(* Let $q=3$, with $G_3$-orbits of lines $\mathcal L_1,\dots,\mathcal L_7$ and of points $\mathcal M_1,\dots,\mathcal M_4$ as in the context. For each pair $(\mathcal L_i,\mathcal M_j)$ every line of $\mathcal L_i$ contains exactly $t_{ij}$ points of $\mathcal M_j$ and every point of $\mathcal M_j$ lies on exactly $b_{ij}$ lines of $\mathcal L_i$, where, listing $(t_{ij},b_{ij})$ for $j=4,1,3,2$ in this order: $\mathcal L_1$: $(2,1),(2,3),(0,0),(0,0)$; $\mathcal L_2$: $(2,2),(0,0),(2,3),(0,0)$; $\mathcal L_3$: $(0,0),(1,4),(2,4),(1,1)$; $\mathcal L_4$: $(0,0),(0,0),(0,0),(4,2)$; $\mathcal L_5$: $(1,2),(1,6),(0,0),(2,3)$; $\mathcal L_6$: $(1,4),(0,0),(1,6),(2,6)$; $\mathcal L_7$: $(3,4),(0,0),(0,0),(1,1)$.
   Context: Notation. $\mathbb F_q$ is the field with $q$ elements, $\mathbb F_q^+=\mathbb F_q\cup\{\infty\}$. Points of $\mathrm{PG}(3,q)$ are written $\mathbf P(x_0,x_1,x_2,x_3)$ with $x$ a nonzero row vector up to scalars; $\boldsymbol\pi(c_0,c_1,c_2,c_3)$ is the plane $c_0x_0+c_1x_1+c_2x_2+c_3x_3=0$. Put $P(t)=\mathbf P(t^3,t^2,t,1)$ for $t\in\mathbb F_q$, $P(\infty)=\mathbf P(1,0,0,0)$, and $\mathscr C=\{P(t):t\in\mathbb F_q^+\}$ (the twisted cubic). The osculating planes are $\pi_{\rm osc}(t)=\boldsymbol\pi(1,-3t,3t^2,-t^3)$ ($t\in\mathbb F_q$) and $\pi_{\rm osc}(\infty)=\boldsymbol\pi(0,0,0,1)$; these $q+1$ planes are called $\Gamma$-planes. The tangent at $P(t)$, $t\in\mathbb F_q$, is the line through $P(t)$ and $\mathbf P(3t^2,2t,1,0)$; the tangent at $P(\infty)$ is the line through $\mathbf P(1,0,0,0)$ and $\mathbf P(0,1,0,0)$. A real chord is a line through two distinct points of $\mathscr C$. For $\alpha\in\mathbb F_{q^2}\setminus\mathbb F_q$, the line of $\mathrm{PG}(3,q^2)$ through $P(\alpha),P(\alpha^q)$ is defined over $\mathbb F_q$, and the corresponding line of $\mathrm{PG}(3,q)$ is an imaginary chord. A unisecant is a line meeting $\mathscr C$ in exactly one point; an external line is a line disjoint from $\mathscr C$. $G_q$ is the group of all projectivities of $\mathrm{PG}(3,q)$ mapping $\mathscr C$ onto itself. $G_3^*$ is the subgroup of $G_3$ of projectivities $\mathbf P(x)\mapsto\mathbf P(xM)$ with $M=M(a,b,c,d)$ having rows $(a^3,a^2c,ac^2,c^3)$, $(3a^2b,a^2d+2abc,bc^2+2acd,3c^2d)$, $(3ab^2,b^2c+2abd,ad^2+2bcd,3cd^2)$, $(b^3,b^2d,bd^2,d^3)$, $ad-bc\neq0$. For $q=3$ all four $\Gamma$-planes contain the line $\mathcal A:\ x_0=x_3=0$. Point types for $q=3$: $\mathscr C$-point = point of $\mathscr C$; $4_\Gamma$-point = point of $\mathcal A$; TO-point = point not in $\mathscr C\cup\mathcal A$ lying on a tangent; RC-point = point not in $\mathscr C\cup\mathcal A$, on no tangent, lying on a real chord; IC-point = any point of none of the previous types. Line types for $q=3$: RC = real chord; Tr = tangent; IC = imaginary chord; Ar = the line $\mathcal A$; U$\Gamma$ = unisecant which is not a tangent and is contained in some $\Gamma$-plane; Un$\Gamma$ = unisecant contained in no $\Gamma$-plane; EA = external line different from $\mathcal A$ meeting $\mathcal A$; En$\Gamma$ = external line not meeting $\mathcal A$ which is not an imaginary chord. Sub-types: Un$\Gamma_1$, Un$\Gamma_2$ = $G_3^*$-orbits of $\{x_1=-x_2,x_1=-x_3\}$, $\{x_2=0,x_1=-x_3\}$; EA$_2$, EA$_3$ = $G_3^*$-orbits of $\{x_0=0,x_1=-x_3\}$, $\{x_0=x_2,x_3=0\}$, EA$_1$ = remaining EA-lines; En$\Gamma_3$ = $G_3^*$-orbit of $\{x_0=x_2,x_1=-x_3\}$, and the remaining En$\Gamma$-lines form two $G_3^*$-orbits En$\Gamma_2$ (size 12) and En$\Gamma_1$ (size 24). The $G_3$-orbits are: points $\mathcal M_1=\{\mathscr C\text{-points}\}$ (4), $\mathcal M_2=\{4_\Gamma\text{- and IC-points}\}$ (16), $\mathcal M_3=\{\text{TO-points}\}$ (8), $\mathcal M_4=\{\text{RC-points}\}$ (12); lines $\mathcal L_1=\{\text{RC}\}$ (6), $\mathcal L_2=\text{En}\Gamma_2$ (12), $\mathcal L_3=\{\text{Tr}\}\cup\text{Un}\Gamma_2$ (16), $\mathcal L_4=\{\text{IC}\}\cup\{\mathcal A\}\cup\text{EA}_2$ (8), $\mathcal L_5=\{\text{U}\Gamma\}\cup\text{Un}\Gamma_1$ (24), $\mathcal L_6=\text{EA}_1\cup\text{En}\Gamma_1$ (48), $\mathcal L_7=\text{EA}_3\cup\text{En}\Gamma_3$ (16). *)

(* The projective space PG(3,3) is modelled as the lattice
   of subspaces of F_3^4 (row vectors): a point is a 1-dimensional subspace,
   a line a 2-dimensional subspace, both as finite sets of vectors (0 included);
   incidence is inclusion. *)
From HB Require Import structures.
From mathcomp Require Import all_boot all_order all_algebra.
Set Implicit Arguments. Unset Strict Implicit. Unset Printing Implicit Defensive.
Import Order.TTheory GRing.Theory Num.Theory.
Local Open Scope ring_scope.

Notation F := 'F_3.
Notation vec := 'rV[F]_4.

Definition mkv (a b c d : F) : vec := \row_(i < 4) nth 0 [:: a; b; c; d] i.

Definition span1 (v : vec) : {set vec} := [set a *: v | a : F].
Definition span2 (u v : vec) : {set vec} := [set a *: u + b *: v | a : F, b : F].

Definition is_point (P : {set vec}) : bool :=
  [exists v : vec, (v != 0) && (P == span1 v)].
Definition is_line (L : {set vec}) : bool :=
  [exists u : vec, exists v : vec, [&& u != 0, v \notin span1 u & L == span2 u v]].

Definition plane (c : vec) : {set vec} := [set x : vec | \sum_(i < 4) c 0 i * x 0 i == 0].

(* parameters t in F_q^+ = F_q u {oo}: None stands for oo *)
Definition Pt (t : option F) : vec :=
  if t is Some t then mkv (t ^+ 3) (t ^+ 2) t 1 else mkv 1 0 0 0.
Definition osc (t : option F) : vec :=
  if t is Some t then mkv 1 (- (3%:R * t)) (3%:R * t ^+ 2) (- t ^+ 3) else mkv 0 0 0 1.
Definition tdir (t : option F) : vec :=
  if t is Some t then mkv (3%:R * t ^+ 2) (2%:R * t) 1 0 else mkv 0 1 0 0.
Definition tangent (t : option F) : {set vec} := span2 (Pt t) (tdir t).

Definition Aline : {set vec} := [set x : vec | (x 0 0 == 0) && (x 0 3 == 0)].
Lemma seg_proper_prefixW (x y : W) : is_word y ->
  seg_proper_prefix x y -> seg_prefix x y.
Proof. by move=> Hy [p Hp]; exists (fun r => olt r p) => //; apply: down_closed_lt. Qed.

Lemma seg_le_lt_false (x y : W) : is_word x -> is_word y ->
  seg_le x y -> seg_lt y x -> False.
Proof.
move=> Hx Hy [xy | xy] [yx | yx].
- exact: (seg_prefix_proper_false Hx xy yx).
- exact: (seg_str_lt_prefix_false Hy Hx yx xy).
- exact: (seg_str_lt_prefix_false Hx Hy xy (seg_proper_prefixW Hx yx)).
- exact: (seg_str_lt_asym Hx Hy xy yx).
Qed.

Lemma seg_lt_prefix_trans (s u v : W) : is_word u -> is_word v ->
  seg_lt s u -> seg_prefix u v -> seg_lt s v.
Proof.
move=> Hu Hv /seg_ltP [S [p [f [Hf cut]]]] [T dT [g Hg]].
have Hg' := isom_on_restr_lt Hu Hv Hg (@down_closedT _) dT (I : True) (p := p).
apply/seg_ltP; exists S, (g p), (fun r => g (f r)); split; first exact: isom_on_comp Hf Hg'.
by rewrite (isom_lab Hg (I : True)).
Qed.

Lemma seg_str_lt_of_prefix (u x v : W) : is_word u -> is_word x ->
  seg_prefix u x -> seg_str_lt u v -> seg_str_lt x v.
Proof.
move=> Hu Hx [T dT [g Hg]] [p [q [[f Hf] pq]]].
have Hg' := isom_on_restr_lt Hu Hx Hg (@down_closedT _) dT (I : True) (p := p).
have [g' [Hg'' _ _]] := isom_on_inv Hu Hx Hg' (inhabits p).
exists (g p), q; split; first by exists (fun r => f (g' r)); apply: isom_on_comp Hg'' Hf.
by rewrite (isom_lab Hg (I : True)).
Qed.

End Comparison.

Section LexOrder.
Variables (d : Order.disp_t) (A : finOrderType d).
Local Notation W := (word A).
Local Notation pos w := (ot (wo w)).

Lemma weq_refl (x : W) : weq x x.
Proof. by exists id; split=> //; exists id. Qed.

Lemma weq_sym (x y : W) : weq x y -> weq y x.
Proof.
move=> [f [[g fK gK] f_mono f_lab]]; exists g; split.
- by exists f.
- by move=> p q; rewrite f_mono !gK.
- by move=> p; rewrite -{2}(gK p) f_lab.
Qed.

Lemma weq_of_mono_surj (x y : W) (f : pos x -> pos y) : is_word x -> is_word y ->
  (forall q, exists p, f p = q) -> (forall p p', olt p p' -> olt (f p) (f p')) ->
  (forall p, lab (f p) = lab p) -> weq x y.
Proof.
move=> Hx Hy f_surj f_mono f_lab.
have Hf : isom_on x y (fun _ => True) (fun _ => True) f.
  by split=> // [q _ | p p' _ _]; [have [p <-] := f_surj q; exists p | apply: f_mono].
pose g q := proj1_sig (constructive_indefinite_description _ (f_surj q)).
have gK q : f (g q) = q := proj2_sig (constructive_indefinite_description _ (f_surj q)).
exists f; split=> //.
- by exists g => // p; apply: (isom_on_inj Hx Hy Hf).
- move=> p p'; split; first exact: f_mono.
  exact: (isom_on_reflect_lt Hx Hy Hf).
Qed.

Lemma wprefix_seg (x y : W) : wprefix x y -> seg_prefix x y.
Proof.
move=> [z [_ [h [[k hK kK] h_mono h_lab]]]].
exists (fun q => exists p, h q = inl p).
- move=> q' q /h_mono + [p ehq]; rewrite ehq.
  by case: (h q') => [p' _ | //]; exists p'.
exists (fun p => k (inl p)); split=> //.
- by move=> p _; exists p; rewrite kK.
- by move=> q [p ehq]; exists p; rewrite // -ehq hK.
- by move=> p p' _ _ pp'; apply/h_mono; rewrite !kK.
- by move=> p _; rewrite -h_lab kK.
Qed.

Lemma weq_cat_compl (x y : W) T f : is_word x -> is_word y ->
  isom_on x y (fun _ => True) T f -> down_closed T ->
  weq y (wcat x (wsub y (fun q => ~ T q))).
Proof.
move=> Hx Hy Hf dT; apply: weq_sym.
pose k (w : pos (wcat x (wsub y (fun q => ~ T q)))) : pos y :=
  match w with inl p => f p | inr s => proj1_sig s end.
apply: (@weq_of_mono_surj _ _ k _ Hy).
- exact: is_word_cat Hx (is_word_sub _ Hy).
- move=> q; case: (classic (T q)) => [/(isom_onto Hf) [p _ <-] | nTq].
  + by exists (inl p).
  + by exists (inr (exist _ q nTq)).
- move=> [p | [q nTq]] [p' | [q' nTq']] //= ww'.
  + exact: (isom_mono Hf).
  + case: (olt_total Hy (f p) q') => [// | [efp | q'fp]]; case: nTq'.
    * by rewrite -efp; apply: (isom_map Hf).
    * by apply: dT q'fp (isom_map Hf (I : True)).
- by move=> [p | s] //=; apply: (isom_lab Hf).
Qed.

Lemma seg_wprefix (x y : W) : is_word x -> is_word y -> seg_prefix x y -> wprefix x y.
Proof.
move=> Hx Hy [T dT [f Hf]]; exists (wsub y (fun q => ~ T q)).
by split; [apply: is_word_sub | apply: weq_cat_compl Hf dT].
Qed.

= = = = =

PROBLEM DETAILS: For this task, write out exactly the lines of the entries above, starting at the line with "have Hg' := isom_on_restr_lt Hu Hx" and ending at the line with "- exact: is_word_cat Hx (is_word_sub _ Hy).", both included, and no others.

RESPONSE:
have Hg' := isom_on_restr_lt Hu Hx Hg (@down_closedT _) dT (I : True) (p := p).
have [g' [Hg'' _ _]] := isom_on_inv Hu Hx Hg' (inhabits p).
exists (g p), q; split; first by exists (fun r => f (g' r)); apply: isom_on_comp Hg'' Hf.
by rewrite (isom_lab Hg (I : True)).
Qed.

End Comparison.

Section LexOrder.
Variables (d : Order.disp_t) (A : finOrderType d).
Local Notation W := (word A).
Local Notation pos w := (ot (wo w)).

Lemma weq_refl (x : W) : weq x x.
Proof. by exists id; split=> //; exists id. Qed.

Lemma weq_sym (x y : W) : weq x y -> weq y x.
Proof.
move=> [f [[g fK gK] f_mono f_lab]]; exists g; split.
- by exists f.
- by move=> p q; rewrite f_mono !gK.
- by move=> p; rewrite -{2}(gK p) f_lab.
Qed.

Lemma weq_of_mono_surj (x y : W) (f : pos x -> pos y) : is_word x -> is_word y ->
  (forall q, exists p, f p = q) -> (forall p p', olt p p' -> olt (f p) (f p')) ->
  (forall p, lab (f p) = lab p) -> weq x y.
Proof.
move=> Hx Hy f_surj f_mono f_lab.
have Hf : isom_on x y (fun _ => True) (fun _ => True) f.
  by split=> // [q _ | p p' _ _]; [have [p <-] := f_surj q; exists p | apply: f_mono].
pose g q := proj1_sig (constructive_indefinite_description _ (f_surj q)).
have gK q : f (g q) = q := proj2_sig (constructive_indefinite_description _ (f_surj q)).
exists f; split=> //.
- by exists g => // p; apply: (isom_on_inj Hx Hy Hf).
- move=> p p'; split; first exact: f_mono.
  exact: (isom_on_reflect_lt Hx Hy Hf).
Qed.

Lemma wprefix_seg (x y : W) : wprefix x y -> seg_prefix x y.
Proof.
move=> [z [_ [h [[k hK kK] h_mono h_lab]]]].
exists (fun q => exists p, h q = inl p).
- move=> q' q /h_mono + [p ehq]; rewrite ehq.
  by case: (h q') => [p' _ | //]; exists p'.
exists (fun p => k (inl p)); split=> //.
- by move=> p _; exists p; rewrite kK.
- by move=> q [p ehq]; exists p; rewrite // -ehq hK.
- by move=> p p' _ _ pp'; apply/h_mono; rewrite !kK.
- by move=> p _; rewrite -h_lab kK.
Qed.

Lemma weq_cat_compl (x y : W) T f : is_word x -> is_word y ->
  isom_on x y (fun _ => True) T f -> down_closed T ->
  weq y (wcat x (wsub y (fun q => ~ T q))).
Proof.
move=> Hx Hy Hf dT; apply: weq_sym.
pose k (w : pos (wcat x (wsub y (fun q => ~ T q)))) : pos y :=
  match w with inl p => f p | inr s => proj1_sig s end.
apply: (@weq_of_mono_surj _ _ k _ Hy).
- exact: is_word_cat Hx (is_word_sub _ Hy).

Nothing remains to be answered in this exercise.